Nel Sulcis Iglesiente grandi giornate del primo maggio, credo, restano nella memoria di lavoratori e non solo. In quel giorno i riflettori dei mezzi di informazione guardavano al nostro territorio per evidenziare le iniziative più importanti della giornata nella nostra Isola.

Alle domande che mi sono posto all’inizio, aggiungo, alla luce delle poche cose che ho ricordato sopra: è giusto che le organizzazioni dei lavoratori decidano in proprio di abolire la festa del lavoro per di più in un territorio con la grande tradizione sindacale e di grandi battaglie economiche, sociali e culturali?

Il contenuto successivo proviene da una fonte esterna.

(* Let $(G=(V,E),(p_e)_{e\in E})$ be an instance of the Independent Cascade (IC) model, let $k\in\mathbb{Z}^+$ and $d\in\mathbb{Z}^+$. Let $\pi_g$ be the greedy policy, and let $\alpha(T_g)$ be the regret ratio of the $(\pi_g,k,d)$-process (both defined in the context). Then for every policy $\pi_*$, \[F(\pi_g,k,d)\ \ge\ \big(1-e^{-1/\alpha(T_g)}\big)\cdot F(\pi_*,k,d).\]
   Context: IC model: a directed graph $G=(V,E)$ with a probability $p_e\in(0,1]$ on each edge. Each edge is independently live with probability $p_e$ and dead otherwise. Diffusion proceeds in rounds: in each round every node activated in the previous round (seed nodes count as activated when seeded) attempts to activate each inactive out-neighbor $u$ along edge $(v,u)$, succeeding iff the edge is live; the state (live/dead) of each attempted edge thereby becomes observed. A realization is a pair $\phi=(L(\phi),D(\phi))$ of disjoint subsets of $E$ (observed live and observed dead edges); it is full if $L(\phi)\cup D(\phi)=E$; $\Psi$ denotes the set of full realizations, $\phi_\emptyset=(\emptyset,\emptyset)$. $\phi_1\prec\phi_2$ means $L(\phi_1)\subseteq L(\phi_2)$ and $D(\phi_1)\subseteq D(\phi_2)$, and $\Pr[\phi_2\mid\phi_1]=\prod_{e\in L(\phi_2)\setminus L(\phi_1)}p_e\prod_{e\in D(\phi_2)\setminus D(\phi_1)}(1-p_e)$; $\Pr[\phi]=\Pr[\phi\mid\phi_\emptyset]$. A status is a pair $U=(\dot S(U),\dot\phi(U))$ of a set of currently active nodes and a realization of the observed edges. For $S\subseteq V$, full $\psi$ and $t\in\mathbb{Z}^+\cup\{\infty\}$, $A_t(S,\psi)$ is the set of nodes $v$ such that some node of $S$ reaches $v$ via a path of at most $t$ edges (any length if $t=\infty$) all in $L(\psi)$. Define $\Delta_t(S,V^*,\psi)=|A_t(S\cup V^*,\psi)|-|A_t(S,\psi)|$ and $\Delta f_t(S,V^*,\phi)=\sum_{\psi\in\Psi,\ \phi\prec\psi}\Pr[\psi\mid\phi]\,\Delta_t(S,V^*,\psi)$. A policy $\pi$ maps each status $(S,\phi)$ to a single node $\pi(S,\phi)\in V$. The $(\pi,k,d)$-process: set $(S,\phi)=(\emptyset,\phi_\emptyset)$; repeat $k$ times: (seeding step) select and activate the node $\pi(S,\phi)$; (observing step) observe the diffusion for $d$ rounds (waiting a round is allowed even if nothing can spread) and update $S$ to the set of currently active nodes and $\phi$ to the currently observed realization. Finally let the diffusion run until it terminates. $F(\pi,k,d)$ is the expected number of active nodes at the end. The greedy policy is $\pi_g(S,\phi)\in\arg\max_{v\in V}\Delta f_\infty(S,\{v\},\phi)$. For a status $U$, let $\dot{\mathcal U}_\infty(U)$ be the set of possible statuses reached when, starting from $U$, the diffusion continues without new seeds until it terminates (each with probability $\Pr[\dot\phi(U_* )\mid\dot\phi(U)]$). Define \[\alpha_{\infty,\infty}(U)=\frac{\sum_{U_*\in\dot{\mathcal U}_\infty(U)}\Pr[\dot\phi(U_* )\mid\dot\phi(U)]\max_v\Delta f_\infty(\dot S(U_* ),\{v\},\dot\phi(U_* ))}{\max_v\Delta f_\infty(\dot S(U),\{v\},\dot\phi(U))}.\] $\alpha(T_g)$ is the maximum of $\alpha_{\infty,\infty}(U)$ over all statuses $U$ that appear in the decision tree $T_g$ of the $(\pi_g,k,d)$-process, i.e., over the initial status $(\emptyset,\phi_\emptyset)$ and every status that can be observed (with positive probability) at a seeding step of that process. *)

From HB Require Import structures.
From mathcomp Require Import all_boot all_order all_algebra.
From mathcomp Require Import reals sequences exp.

Set Implicit Arguments.
Unset Strict Implicit.
Unset Printing Implicit Defensive.

Import Order.TTheory GRing.Theory Num.Theory.
Local Open Scope ring_scope.

Section IC.
Variable R : realType.
Variable V : finType.

(* directed edges are pairs (tail, head) *)
Definition edge := (V * V)%type.

Definition realization := ({set edge} * {set edge})%type.
Definition liveE (phi : realization) : {set edge} := phi.1.
Definition deadE (phi : realization) : {set edge} := phi.2.

Definition is_realization (phi : realization) : bool :=
  [disjoint liveE phi & deadE phi].

Definition full (E : {set edge}) (psi : realization) : bool :=
  is_realization psi && (liveE psi :|: deadE psi == E).

Definition phi_empty : realization := (set0, set0).

Definition prec (phi1 phi2 : realization) : bool :=
  (liveE phi1 \subset liveE phi2) && (deadE phi1 \subset deadE phi2).

Definition Prc (p : edge -> R) (phi2 phi1 : realization) : R :=
  (\prod_(e in liveE phi2 :\: liveE phi1) p e) *
  (\prod_(e in deadE phi2 :\: deadE phi1) (1 - p e)).

Definition Pr (p : edge -> R) (phi : realization) : R := Prc p phi phi_empty.

(* A_t(S, psi); t = None encodes t = infinity *)
Definition live_rel (psi : realization) : rel V := fun x y => (x, y) \in liveE psi.

Fixpoint A_fin (t : nat) (S : {set V}) (psi : realization) : {set V} :=
  match t with
  | 0 => S
  | t'.+1 => let B := A_fin t' S psi in
             B :|: [set v | [exists u in B, live_rel psi u v]]
  end.

Definition A_t (t : option nat) (S : {set V}) (psi : realization) : {set V} :=
  match t with
  | Some n => A_fin n S psi
  | None => [set v | [exists u in S, connect (live_rel psi) u v]]
  end.

Definition Delta_t (t : option nat) (S Vs : {set V}) (psi : realization) : R :=
  (#|A_t t (S :|: Vs) psi|)%:R - (#|A_t t S psi|)%:R.

Definition Deltaf_t (E : {set edge}) (p : edge -> R) (t : option nat)
    (S Vs : {set V}) (phi : realization) : R :=
  \sum_(psi : realization | full E psi && prec phi psi)
     Prc p psi phi * Delta_t t S Vs psi.

Definition Deltaf_inf E p := Deltaf_t E p None.

(* a status: (active nodes, observed realization) *)
Definition status := ({set V} * realization)%type.

Definition policy := status -> V.

(* Every active
   node that has not yet tried its out-edges (equivalently: every unobserved
   edge from an active node to an inactive node) is attempted. *)
Definition round (E : {set edge}) (psi : realization) (U : status) : status :=
  let S := U.1 in
  let phi := U.2 in
  let att := [set e in E | [&& e.1 \in S, e.2 \notin S,
                              e \notin liveE phi & e \notin deadE phi]] in
  let lv := att :&: liveE psi in
  (S :|: [set e.2 | e in lv], (liveE phi :|: lv, deadE phi :|: (att :\: liveE psi))).

(* continue the diffusion without new seeds until it terminates
   (#|V|.+1 rounds always reach the fixpoint) *)
Definition terminate (E : {set edge}) (psi : realization) (U : status) : status :=
  iter #|V|.+1 (round E psi) U.

Definition seed_observe (E : {set edge}) (pi : policy) (d : nat)
    (psi : realization) (U : status) : status :=
  iter d (round E psi) (pi U |: U.1, U.2).

Definition status0 : status := (set0, phi_empty).

(* status at the beginning of the (i+1)-th seeding step *)
Definition status_at (E : {set edge}) (pi : policy) (d : nat)
    (psi : realization) (i : nat) : status :=
  iter i (seed_observe E pi d psi) status0.

Definition final_status (E : {set edge}) (pi : policy) (k d : nat)
    (psi : realization) : status :=
  terminate E psi (status_at E pi d psi k).

Definition Fval (E : {set edge}) (p : edge -> R) (pi : policy) (k d : nat) : R :=
  \sum_(psi : realization | full E psi)
     Pr p psi * (#|(final_status E pi k d psi).1|)%:R.

Definition greedy (E : {set edge}) (p : edge -> R) (pi : policy) : Prop :=
  forall U : status, forall v : V,
    Deltaf_inf E p U.1 [set v] U.2 <= Deltaf_inf E p U.1 [set pi U] U.2.

(* max_v Deltaf_inf(S, {v}, phi)  (all these values are >= 0) *)
Definition maxgain (E : {set edge}) (p : edge -> R) (U : status) : R :=
  \big[Num.max/0]_(v : V) Deltaf_inf E p U.1 [set v] U.2.

Definition U_inf (E : {set edge}) (U : status) : {set status} :=
  [set terminate E psi U | psi in [set psi : realization | full E psi && prec U.2 psi]].

Definition alpha_inf (E : {set edge}) (p : edge -> R) (U : status) : R :=
  (\sum_(Us in U_inf E U) Prc p Us.2 U.2 * maxgain E p Us) / maxgain E p U.

(* statuses of the decision tree T of the (pi,k,d)-process: the initial
   status and every status observed with positive probability at a seeding step *)
Definition tree_statuses (E : {set edge}) (p : edge -> R) (pi : policy)
    (k d : nat) : {set status} :=
  [set U | (U == status0) ||
     [exists psi : realization, [exists i : 'I_k,
        [&& full E psi, 0 < Pr p psi & U == status_at E pi d psi i]]]].

Definition alphaT (E : {set edge}) (p : edge -> R) (pi : policy) (k d : nat) : R :=
  \big[Num.max/0]_(U in tree_statuses E p pi k d) alpha_inf E p U.

End IC.

(* Full realizations are identified with their sets of live edges A, and the
   key tool is resampling: a quantity that depends on A only through the edges
   observed by an adaptive rule keeps its expectation when the unobserved edges
   are replaced by an independent copy B.  Let G_i be the expected spread of the
   first i greedy seeds and U_i the greedy status before seed i+1.  Resampling
   shows that G_(i+1) - G_i is the expected maximal marginal gain at U_i.  It
   also shows (adaptive submodularity) that the spread F of any policy is at
   most G_i plus k times the expected maximal gain once the diffusion from U_i
   has terminated, which by definition of alpha = alpha(T_g) is at most alpha
   times the expected maximal gain at U_i.  Hence F <= G_i + k alpha (G_(i+1) -
   G_i) for all i < k, and this recurrence gives the factor 1 - e^(-1/alpha). *)

From HB Require Import structures.
From mathcomp Require Import all_boot all_order all_algebra.
From mathcomp Require Import reals sequences exp.
From mathcomp Require Import ring lra.
Import Order.TTheory GRing.Theory Num.Theory.
Local Open Scope ring_scope.

Set Implicit Arguments.
Unset Strict Implicit.
Unset Printing Implicit Defensive.
Definition run_final (D : finType) (a : D -> option D) (ps : seq (D * D)) :=
  foldl (fun b p => glue b p.1 p.2) a ps.

Definition num_half_edges (D : finType) (a : D -> option D) : nat :=
  #|[pred d | half_edge a d]|.

From HB Require Import structures.
From mathcomp Require Import all_boot all_order all_algebra all_fingroup.
From mathcomp Require Import zify ring lra.
Import Order.TTheory GRing.Theory Num.Theory.
Set Implicit Arguments. Unset Strict Implicit. Unset Printing Implicit Defensive.

(* Words in L and R are evaluated in 2x2 matrices over nat, where the entrywise order is
   compatible with products: hence the trace of a word bounds the trace of each of its
   factors, a power b^k has trace 2, and b^k (~b)^m has trace 2 + k m.
   Cut a path of the glued graph between two half-edges at its crossings of the new edge;
   the pieces are paths of the old graph between old half-edges.  A mixed piece with
   distinct ends has trace >= tau0 by safety, and a piece b^k has k >= sqrt (tau0 - 2), so
   b^k followed by (~b)^m has trace >= 2 + k m >= tau0.  The remaining configuration is a
   power b^K followed by a mixed loop X at the new edge.  If the path then turns b again,
   the loop can be cut out (turning twice by b is turning once by ~b in a triangle), which
   yields a shorter path of smaller trace; if it turns ~b, it backtracks, and b X ~b is a
   longer loop at the previous edge of b^K.  Once K is used up, the loop dominates
   b^p (~b)^(p+1), where p counts the backtracks, and the trace is >= 2 + (p+1)^2. *)

Record mx2 := Mx2 { m11 : nat; m12 : nat; m21 : nat; m22 : nat }.

Definition mx2_mul (A B : mx2) : mx2 :=
  Mx2 (m11 A * m11 B + m12 A * m21 B) (m11 A * m12 B + m12 A * m22 B)
      (m21 A * m11 B + m22 A * m21 B) (m21 A * m12 B + m22 A * m22 B).

Definition mx2_one : mx2 := Mx2 1 0 0 1.

Definition mx2_tr (A : mx2) : nat := m11 A + m22 A.

Definition mx2_le (A B : mx2) : bool :=
  [&& m11 A <= m11 B, m12 A <= m12 B, m21 A <= m21 B & m22 A <= m22 B].

Definition letter2 (t : bool) : mx2 := if t then Mx2 1 1 0 1 else Mx2 1 0 1 1.

Definition word2 (w : seq bool) : mx2 := foldr (fun t => mx2_mul (letter2 t)) mx2_one w.

Definition wtr (w : seq bool) : nat := mx2_tr (word2 w).

Lemma mx2_mulA A B C : mx2_mul A (mx2_mul B C) = mx2_mul (mx2_mul A B) C.
Proof. by case: A B C => ???? [????] [????]; rewrite /mx2_mul /=; congr Mx2; ring. Qed.

Lemma mx2_mul1m A : mx2_mul mx2_one A = A.
Proof. by case: A => ????; rewrite /mx2_mul /=; congr Mx2; lia. Qed.

Lemma mx2_mulm1 A : mx2_mul A mx2_one = A.
Proof. by case: A => ????; rewrite /mx2_mul /=; congr Mx2; lia. Qed.

Lemma word2_cat u v : word2 (u ++ v) = mx2_mul (word2 u) (word2 v).
Proof. by elim: u => [|t u IH] /=; rewrite ?mx2_mul1m // IH mx2_mulA. Qed.

Definition int_of_mx2 (A : mx2) : 'M[int]_2 :=
  \matrix_(i < 2, j < 2)
    Posz (if i == 0 :> nat then if j == 0 :> nat then m11 A else m12 A
          else if j == 0 :> nat then m21 A else m22 A).

Lemma int_of_mx2_mul A B : int_of_mx2 (mx2_mul A B) = (int_of_mx2 A *m int_of_mx2 B)%R.
Proof.
apply/matrixP => i j; rewrite !mxE big_ord_recl big_ord1 !mxE.
by case: i j => [[|[]] //] ? [[|[]] //] ?; rewrite /= PoszD !PoszM.
Qed.
(* Let $T\ge 1$ and $t\ge 1$ be integers and let $g_{T,t}:\mathbb{R}^{Tt}\to\mathbb{R}$ be the function defined in the context. Then: (1) the function $\mathbf{x}\mapsto g_{T,t}(\mathbf{y}-\mathbf{x})$ is a zero-chain; (2) $\mathbf{0}$ is a minimizer of $g_{T,t}$, $\inf_{\mathbf{x}} g_{T,t}(\mathbf{x}) = 0$, and $g_{T,t}(\mathbf{x})\le \frac12\mathbf{x}^\top(\mathbf{B}+\mathbf{I})\mathbf{x}$ for all $\mathbf{x}\in\mathbb{R}^{Tt}$; (3) $g_{T,t}$ is $37$-smooth; (4) there is a universal constant $C_3>0$ (independent of $T$ and $t$) such that $g_{T,t}$ satisfies the $\frac{1}{C_3T}$-PL condition.
   Context: A differentiable $f:\mathbb{R}^d\to\mathbb{R}$ is $L$-smooth if $\|\nabla f(\mathbf{x})-\nabla f(\mathbf{z})\|\le L\|\mathbf{x}-\mathbf{z}\|$ for all $\mathbf{x},\mathbf{z}$. It satisfies the $\mu$-PL condition ($\mu>0$) if $\|\nabla f(\mathbf{x})\|^2\ge 2\mu\,(f(\mathbf{x})-\inf_{\mathbf{z}} f(\mathbf{z}))$ for all $\mathbf{x}$. For $\mathbf{x}\in\mathbb{R}^d$, $\mathrm{supp}(\mathbf{x})=\{i:\mathbf{x}_i\neq 0\}$. A differentiable $f:\mathbb{R}^d\to\mathbb{R}$ is a zero-chain if for every $\mathbf{x}$ and every $k\in\{0,1,\dots,d\}$, $\mathrm{supp}(\mathbf{x})\subseteq\{1,\dots,k\}$ implies $\mathrm{supp}(\nabla f(\mathbf{x}))\subseteq\{1,\dots,k+1\}$. Construction. For a constant $y>0$ define $v_y:\mathbb{R}\to\mathbb{R}$ by $v_y(x)=\frac12x^2$ if $x\le\frac{31}{32}y$; $v_y(x)=\frac12x^2-16(x-\frac{31}{32}y)^2$ if $\frac{31}{32}y<x\le y$; $v_y(x)=\frac12x^2-\frac{y^2}{32}+16(x-\frac{33}{32}y)^2$ if $y<x\le\frac{33}{32}y$; $v_y(x)=\frac12x^2-\frac{y^2}{32}$ if $x>\frac{33}{32}y$. For $\mathbf{x}\in\mathbb{R}^{Tt}$, with the convention $\mathbf{x}_0=0$, let $$q_{T,t}(\mathbf{x})=\frac12\sum_{i=0}^{t-1}\Big[\big(\tfrac78\mathbf{x}_{iT}-\mathbf{x}_{iT+1}\big)^2+\sum_{j=1}^{T-1}(\mathbf{x}_{iT+j+1}-\mathbf{x}_{iT+j})^2\Big],$$ and let $\mathbf{B}$ be the symmetric positive semidefinite $Tt\times Tt$ matrix with $q_{T,t}(\mathbf{x})=\frac12\mathbf{x}^\top\mathbf{B}\mathbf{x}$. Let $\mathbf{y}\in\mathbb{R}^{Tt}$ be given by $\mathbf{y}_{qT+b}=(7/8)^q$ for $q\in\{0,\dots,t-1\}$, $b\in\{1,\dots,T\}$. Define $g_{T,t}(\mathbf{x})=q_{T,t}(\mathbf{x})+\sum_{i=1}^{Tt}v_{\mathbf{y}_i}(\mathbf{x}_i)$. *)

(* R : realType, vectors in R^d are row vectors 'rV[R]_d,
   coordinates are 0-based (paper index p corresponds to ordinal p-1). *)
From HB Require Import structures.
From mathcomp Require Import all_boot all_order all_algebra.
From mathcomp Require Import all_classical all_reals all_analysis.
Set Implicit Arguments. Unset Strict Implicit. Unset Printing Implicit Defensive.
Import Order.TTheory GRing.Theory Num.Theory.
Import numFieldNormedType.Exports.
Local Open Scope classical_set_scope.
Local Open Scope ring_scope.

Section Defs.
Variable R : realType.

(* Euclidean norm on R^d (the library's norm on 'rV is the sup norm). *)
Definition enorm (d : nat) (x : 'rV[R]_d) : R :=
  Num.sqrt (\sum_(i < d) x 0 i ^+ 2).

Definition grad (d : nat) (f : 'rV[R]_d -> R) (x : 'rV[R]_d) : 'rV[R]_d :=
  \row_(i < d) ('d f x (delta_mx 0 i : 'rV[R]_d)).

Definition diffble (d : nat) (f : 'rV[R]_d -> R) : Prop :=
  forall x : 'rV[R]_d, differentiable f x.

Definition L_smooth (d : nat) (f : 'rV[R]_d -> R) (L : R) : Prop :=
  diffble f /\
  forall x z : 'rV[R]_d, enorm (grad f x - grad f z) <= L * enorm (x - z).

Definition PL (d : nat) (f : 'rV[R]_d -> R) (mu : R) : Prop :=
  diffble f /\
  forall x : 'rV[R]_d,
    enorm (grad f x) ^+ 2 >= 2 * mu * (f x - inf (range f)).

(* zero-chain; supp(x) ⊆ {1..k} (1-based) means: x_i <> 0 -> i < k (0-based). *)
Definition zero_chain (d : nat) (f : 'rV[R]_d -> R) : Prop :=
  diffble f /\
  forall (x : 'rV[R]_d) (k : nat), (k <= d)%N ->
    (forall i : 'I_d, x 0 i != 0 -> (i < k)%N) ->
    (forall i : 'I_d, grad f x 0 i != 0 -> (i < k.+1)%N).

Definition v_fun (y x : R) : R :=
  if x <= 31/32 * y then x ^+ 2 / 2
  else if x <= y then x ^+ 2 / 2 - 16 * (x - 31/32 * y) ^+ 2
  else if x <= 33/32 * y then x ^+ 2 / 2 - y ^+ 2 / 32 + 16 * (x - 33/32 * y) ^+ 2
  else x ^+ 2 / 2 - y ^+ 2 / 32.

(* paper coordinate x_p (1-based), with the convention x_0 = 0 *)
Definition pc (d : nat) (x : 'rV[R]_d) (p : nat) : R :=
  match p with
  | 0 => 0
  | p'.+1 => match insub p' with Some i => x 0 i | None => 0 end
  end.

Definition q_fun (T t : nat) (x : 'rV[R]_(T * t)) : R :=
  1/2 * \sum_(i < t)
    ((7/8 * pc x (i * T) - pc x (i * T + 1)) ^+ 2
     + \sum_(1 <= j < T) (pc x (i * T + j + 1) - pc x (i * T + j)) ^+ 2).

(* B: the unique symmetric matrix with q(x) = 1/2 x^T B x (polarization). *)
Definition Bmat (T t : nat) : 'M[R]_(T * t) :=
  \matrix_(i, j) (@q_fun T t (delta_mx 0 i + delta_mx 0 j)
                  - @q_fun T t (delta_mx 0 i) - @q_fun T t (delta_mx 0 j)).

(* y_{qT+b} = (7/8)^q, b in 1..T; 0-based index k = qT+b-1, so q = k %/ T. *)
Definition yvec (T t : nat) : 'rV[R]_(T * t) :=
  \row_(k < T * t) (7/8 : R) ^+ (k %/ T).

Definition g_fun (T t : nat) (x : 'rV[R]_(T * t)) : R :=
  @q_fun T t x + \sum_(i < T * t) v_fun (@yvec T t 0 i) (x 0 i).

End Defs.

(* With the links r_k(x) = x_{k+1} - a_k x_k, where a_k = 7/8 when the link
   enters a new block of T coordinates and 1 otherwise, q = |r(x)|^2 / 2, so B is
   the Gram matrix of the links, and g is q plus separable piecewise-quadratic
   terms v_y with 33-Lipschitz derivatives; this yields an explicit gradient and
   37-smoothness. The vector y annihilates every link but the first and
   v_y'(y) = 0, which makes x |-> g(y - x) a zero-chain. For the PL inequality,
   v_y(x) <= x v_y'(x) / 2 except in the window (31y/32, 33y/32), where the defect
   is at most y^2, so g <= 4/7 |grad g|^2 + 2 (sum of y_i^2 over the coordinates
   lying in their window). If m is the first such coordinate, the decay of y by
   7/8 every T coordinates bounds that sum by (64/15) T y_m^2, and a discrete
   maximum principle along the chain shows that some coordinate of grad g is at
   least y_m / 10. *)

From HB Require Import structures.
From mathcomp Require Import all_boot all_order all_algebra.
From mathcomp Require Import all_classical all_reals all_analysis.
From mathcomp Require Import ring lra zify.
Import Order.TTheory GRing.Theory Num.Theory.
Import numFieldNormedType.Exports.
Local Open Scope classical_set_scope.
Local Open Scope ring_scope.
Set Implicit Arguments. Unset Strict Implicit. Unset Printing Implicit Defensive.

Section RowDot.
Variable R : realType.

Lemma ler_coef_mx_norm m n (A : 'M[R]_(m, n)) i j : `|A i j| <= `|A|.
Proof.
have /mapP[k _ ->] : `|A i j| \in [seq `|A x.1 x.2| | x : 'I_m * 'I_n].
  by apply/mapP; exists (i, j) => //=; rewrite mem_enum.
by rewrite [leRHS]/Num.norm /= mx_normrE; apply/bigmax_geP; right => /=; exists k.
Qed.

Lemma sqr_coef_le_norm m n (A : 'M[R]_(m, n)) i j : A i j ^+ 2 <= `|A| ^+ 2.
Proof. by rewrite -real_normK ?num_real // lerXn2r ?nnegrE ?ler_coef_mx_norm. Qed.

Definition rdot d (c h : 'rV[R]_d) : R := \sum_(i < d) c 0 i * h 0 i.

Lemma rdot_is_linear d (c : 'rV[R]_d) : linear (rdot c).
Proof.
move=> a u v; rewrite /rdot scaler_sumr -big_split /=; apply: eq_bigr => i _.
by rewrite !mxE mulrDr mulrCA.
Qed.

HB.instance Definition _ d (c : 'rV[R]_d) :=
  GRing.isLinear.Build R 'rV[R]_d R *:%R (rdot c) (rdot_is_linear c).

Lemma rdotDl d (c1 c2 h : 'rV[R]_d) : rdot (c1 + c2) h = rdot c1 h + rdot c2 h.
Proof. by rewrite /rdot -big_split; apply: eq_bigr => i _; rewrite mxE mulrDl. Qed.

Lemma rdotNl d (c h : 'rV[R]_d) : rdot (- c) h = rdot c (- h).
Proof. by apply: eq_bigr => i _; rewrite !mxE mulrN mulNr. Qed.

Lemma rdot_delta d (c : 'rV[R]_d) (i : 'I_d) : rdot c (delta_mx 0 i) = c 0 i.
Proof.
rewrite /rdot (bigD1 i) //= big1 => [|j /negbTE ji]; rewrite mxE.
  by rewrite !eqxx mulr1 addr0.
by rewrite ji andbF mulr0.
Qed.

Lemma rdot_continuous d (c : 'rV[R]_d) : continuous (rdot c).
Proof.
apply/(@linear_bounded_continuous R _ _ (rdot c))/linear_boundedP.
near=> r => h; apply: (@le_trans _ _ ((\sum_i `|c 0 i|) * `|h|)).
  rewrite /rdot mulr_suml; apply: le_trans (ler_norm_sum _ _ _) _.
  by apply: ler_sum => i _; rewrite normrM ler_wpM2l ?ler_coef_mx_norm.
by apply: ler_wpM2r.
Unshelve. all: by end_near. Qed.

Lemma differentiable_quadratic_rem d (f : 'rV[R]_d -> R) x (c : 'rV[R]_d) K :
  (forall h, `|f (x + h) - f x - rdot c h| <= K * `|h| ^+ 2) ->
  differentiable f x /\ 'd f x = rdot c :> (_ -> _).
Proof.
move=> rem.
have e : f \o shift x = cst (f x) + rdot c +o_ (nbhs (0 : 'rV[R]_d)) id.
  apply/eqaddoP => eps eps0.
  have K1 : 0 < `|K| + 1 by rewrite ltr_wpDl.
  near=> h; rewrite /= !fctE.
  have -> : f (h + x) - (f x + rdot c h) = f (x + h) - f x - rdot c h.
    by rewrite [h + x]addrC opprD addrA.
  apply: le_trans (rem h) _.
  have hs : `|h| <= eps / (`|K| + 1).
    near: h; apply: (@nbhs0_le _ 'rV[R]_d); by rewrite divr_gt0.
  rewrite expr2 mulrA ler_wpM2r //.
  apply: (@le_trans _ _ (`|K| * `|h|)); first by rewrite ler_wpM2r // ler_norm.
  apply: le_trans (ler_wpM2l (normr_ge0 K) hs) _.
  rewrite mulrA ler_pdivrMr //.
  have := normr_ge0 K; nra.
have dfE := diff_unique (@rdot_continuous d c) e.
split; last exact: dfE.
by apply/diff_locallyP; rewrite dfE; split => //; exact: (@rdot_continuous d c).
Unshelve. all: by end_near. Qed.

Credo che ci possano essere diversi ragioni che spiegano le difficoltà di preparare e celebrare la festa del lavoro ma due, mi sembra, le riassumono: la mancanza di una visione e azione generale  unitaria e di una piattaforma di tutto il sindacato per affrontare l’emergenza lavoro e le possibili prospettive di sviluppo.

Pur in questo quadro di difficoltà generale, le categorie impegnate nei settori e nelle aziende stanno dando prova di grande capacità e di unità. Da qui si può ripartire. E si può ripartire anche da un tema che è stato all’origine delle lotte che hanno ispirato la giornata della festa del lavoro e  che è stato il grande tema della ripresa della festa unitaria nel nostro Paese: l’orario di lavoro.

Sarebbe importante, secondo me, che dal Sulcis Iglesiente potessero partire proposte e iniziative affinché nel territorio, sulla base del decreto di riconoscimento dell’area di crisi industriale complessa, contando anche sulla ripresa produttiva delle grandi aziende, si affermasse la scelta di una riduzione generalizzata dell’orario di lavoro a parità di salario e di un generalizzato ricambio generazionale sia nel privato che nel pubblico.

E’ certamente una tematica che deve essere approfondita nei vari aspetti e che, a mio parere, ben potrebbe trovare spazio in una piattaforma da fondare su diversi punti, per affrontare l’emergenza lavoro.

Mi piacerebbe tanto partecipare il prossimo primo maggio ad una grande festa del lavoro in cui tutto il movimento e non solo si impegnasse e si mobilitasse su una nuova piattaforma per il lavoro e lo sviluppo, piattaforma che stiamo aspettando da troppo tempo.